(* For $\lambda,\mu\in\mathfrak a^*_{\mathbb C}$ let $d_{\lambda,\mu}:G\to\mathbb C$, $d_{\lambda,\mu}(g)=e^{(i\lambda+\rho)H(g)}e^{(i\mu+\rho)H(gw)}$. Then for all $\gamma,g\in G$, $$d_{\lambda,\mu}(\gamma g)=e^{(i\lambda+\rho)\langle\gamma\cdot o,\,\gamma g\cdot eM\rangle}\,e^{(i\mu+\rho)\langle\gamma\cdot o,\,\gamma g\cdot wM\rangle}\,d_{\lambda,\mu}(g).$$
   Context: $G$ is a connected noncompact real semisimple Lie group with finite center, $K$ maximal compact, $X=G/K$, $o=eK$; Iwasawa decomposition $g=k(g)\exp(H(g))n(g)$ with $H(g)\in\mathfrak a$; $M=Z_K(A)$, $M'=N_K(A)$, and $w\in M'$ a representative of the longest Weyl group element; $B=K/M$ with $G$-action $g\cdot kM=k(gk)M$; $\rho$ half the sum of positive restricted roots with multiplicities; horocycle bracket $\langle gK,kM\rangle=-H(g^{-1}k)\in\mathfrak a$; expressions like $(i\lambda+\rho)H(g)$ mean $(i\lambda+\rho)(H(g))$. *)

From HB Require Import structures.
From mathcomp Require Import all_boot all_order all_algebra.
From mathcomp Require Import monoid.
From mathcomp Require Import all_classical all_reals all_analysis.
From mathcomp Require Import complex.

Set Implicit Arguments.
Unset Strict Implicit.
Unset Printing Implicit Defensive.

Import Order.TTheory GRing.Theory Num.Theory.
Local Open Scope ring_scope.

Local Open Scope complex_scope.
Definition cexp (R : realType) (z : R[i]) : R[i] :=
  (expR (complex.Re z))%:C *
  ((cos (complex.Im z))%:C + 'i * (sin (complex.Im z))%:C).

(* an element of a_C^* = Hom_R(a, C), given by its real and imaginary parts *)
Definition cdual (R : realType) (V : lmodType R) : Type :=
  ({linear V -> R^o} * {linear V -> R^o})%type.

Definition cdual_ev (R : realType) (V : lmodType R) (l : cdual V) (x : V)
  : R[i] := (l.1 x) +i* (l.2 x).

Definition ilam_rho (R : realType) (V : lmodType R) (l : cdual V)
  (rho : {linear V -> R^o}) (x : V) : R[i] :=
  'i * cdual_ev l x + (rho x)%:C.

Section Iwasawa.
Local Open Scope group_scope.
Variables (R : realType) (G : groupType) (a : lmodType R).

Definition is_subgroup (S : G -> Prop) : Prop :=
  [/\ S 1, (forall x y, S x -> S y -> S (x * y)) & (forall x, S x -> S x^-1)].

(* Abstract Iwasawa decomposition G = K exp(a) N, with projections
   kI (= k(g)), HI (= H(g)), nI (= n(g)). *)
Definition iwasawa (K N : G -> Prop) (expA : a -> G)
  (kI : G -> G) (HI : G -> a) (nI : G -> G) : Prop :=
  [/\ is_subgroup K /\ is_subgroup N,
      (forall x y : a, expA (x + y)%R = expA x * expA y) /\ injective expA,
      (forall (x : a) n, N n -> N (expA x * n * (expA x)^-1)),
      (forall g, [/\ K (kI g), N (nI g) & g = kI g * expA (HI g) * nI g]) &
      (forall k (h : a) n, K k -> N n ->
         [/\ kI (k * expA h * n) = k, HI (k * expA h * n) = h
           & nI (k * expA h * n) = n])].

Definition in_normalizer_KA (K : G -> Prop) (expA : a -> G) (w : G) : Prop :=
  K w /\ (forall x : a, exists y : a, w * expA x * w^-1 = expA y).

(* action of G on B = K/M, on representatives: g . kM = k(gk) M *)
Definition actB (kI : G -> G) (g k : G) : G := kI (g * k).

(* horocycle bracket <gK, kM> = - H(g^-1 k) *)
Definition bracket (HI : G -> a) (g k : G) : a := (- HI (g^-1 * k)%g)%R.

End Iwasawa.

Definition d_lm (R : realType) (G : groupType) (a : lmodType R)
  (HI : G -> a) (w : G) (rho : {linear a -> R^o}) (l m : cdual a) (g : G)
  : R[i] :=
  cexp (ilam_rho l rho (HI g)) * cexp (ilam_rho m rho (HI (g * w)%g)).

(** Writing [gamma g = k exp(H) n] with [k = k(gamma g)] and [H = H(gamma g)]
    gives [g = (gamma^-1 k) exp(H) n]. Right multiplication by [exp(H) n]
    shifts the Iwasawa [a]-projection by [H], because [exp(a)] normalises [N];
    hence [H(g) = H(gamma^-1 k) + H(gamma g)], i.e. [H(gamma g)] is [H(g)] plus
    the horocycle bracket [<gamma o, gamma g . eM>]. Applied to [g] and to
    [g w], and pushed through the additive maps [i lambda + rho] and the
    exponential, this cocycle identity gives the two factors. *)

From HB Require Import structures.
From mathcomp Require Import all_boot all_order all_algebra.
From mathcomp Require Import monoid.
From mathcomp Require Import all_classical all_reals all_analysis.
From mathcomp Require Import complex.
From mathcomp Require Import ring.

Set Implicit Arguments.
Unset Strict Implicit.
Unset Printing Implicit Defensive.

Import Order.TTheory GRing.Theory Num.Theory.
Local Open Scope ring_scope.

Lemma cexpD (R : realType) (x y : R[i]) : cexp (x + y) = cexp x * cexp y.
Proof.
case: x => a b; case: y => c d; rewrite /cexp /= expRD cosD sinD.
by congr (_ +i* _)%C; ring.
Qed.

Lemma ilam_rhoD (R : realType) (V : lmodType R) (l : cdual V)
    (rho : {linear V -> R^o}) (x y : V) :
  ilam_rho l rho (x + y) = ilam_rho l rho x + ilam_rho l rho y.
Proof.
rewrite /ilam_rho /cdual_ev !linearD /= rmorphD /=.
have -> : ((l.1 x + l.1 y) +i* (l.2 x + l.2 y) =
           (l.1 x +i* l.2 x) + (l.1 y +i* l.2 y))%C by [].
by rewrite mulrDr addrACA.
Qed.

Lemma cexp_ilam_rhoD (R : realType) (V : lmodType R) (l : cdual V)
    (rho : {linear V -> R^o}) (x y : V) :
  cexp (ilam_rho l rho (x + y)) =
    cexp (ilam_rho l rho x) * cexp (ilam_rho l rho y).
Proof. by rewrite ilam_rhoD cexpD. Qed.

Section IwasawaProjection.
Local Open Scope group_scope.
Variables (R : realType) (G : groupType) (a : lmodType R).
Variables (K N : G -> Prop) (expA : a -> G).
Variables (kI : G -> G) (HI : G -> a) (nI : G -> G).
Hypothesis iw : iwasawa K N expA kI HI nI.

Lemma expA_inv (x : a) : (expA x)^-1 = expA (- x)%R.
Proof.
have [_ [expAD _] _ _ _] := iw.
apply: (@mulgI _ (expA x)); rewrite divgg -expAD subrr.
by apply: (@mulgI _ (expA 0)); rewrite mulg1 -expAD addr0.
Qed.

Lemma HI_mulAN (g : G) (h : a) (n : G) :
  N n -> HI (g * expA h * n) = (HI g + h)%R.
Proof.
move=> Nn; have [[_ [_ NM _]] [expAD _] expA_norm dec uniq] := iw.
have [Kk Nn' dg] := dec g.
set n' := expA (- h)%R * nI g * (expA (- h)%R)^-1 * n.
have Nn'' : N n' by apply: NM => //; apply: expA_norm.
suff -> : g * expA h * n = kI g * expA (HI g + h)%R * n'.
  by have [_ -> _] := uniq _ (HI g + h)%R _ Kk Nn''.
by rewrite {1}dg /n' expA_inv opprK expAD !mulgA -expA_inv mulgK.
Qed.

Lemma HI_mul_bracket (gam g : G) :
  HI (gam * g) = (HI g + bracket HI gam (kI (gam * g)))%R.
Proof.
have [_ _ _ dec _] := iw; have [_ Nn dgg] := dec (gam * g).
have dg : g = gam^-1 * kI (gam * g) * expA (HI (gam * g)) * nI (gam * g).
  by rewrite -!mulgA (mulgA (kI _)) -dgg mulKg.
by rewrite {2}dg HI_mulAN // /bracket addrC addKr.
Qed.

End IwasawaProjection.

Theorem mainTheorem11 (R : realType) (G : groupType) (a : vectType R)
  (K N : G -> Prop) (expA : a -> G) (kI : G -> G) (HI : G -> a) (nI : G -> G)
  (w : G) (rho : {linear a -> R^o}) (l m : cdual a) :
  iwasawa K N expA kI HI nI ->
  in_normalizer_KA K expA w ->
  forall gam g : G,
    d_lm HI w rho l m (gam * g)%g =
      cexp (ilam_rho l rho (bracket HI gam (actB kI (gam * g)%g 1%g))) *
      cexp (ilam_rho m rho (bracket HI gam (actB kI (gam * g)%g w))) *
      d_lm HI w rho l m g.
Proof.
(* The identity holds for any [w]; [w \in M'] only matters for its meaning. *)
move=> iw _ gam g.
rewrite /d_lm /actB mulg1 (HI_mul_bracket iw gam g) -mulgA.
rewrite (HI_mul_bracket iw gam (g * w)) mulgA !cexp_ilam_rhoD.
by rewrite mulrACA mulrC.
Qed.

────────────────────────────────────────

--- Aim of the exercise ---
Where does the word "Section" occur in the data? Copy every line that has it.

--- Reply to the exercise ---
Section Iwasawa.
Section IwasawaProjection.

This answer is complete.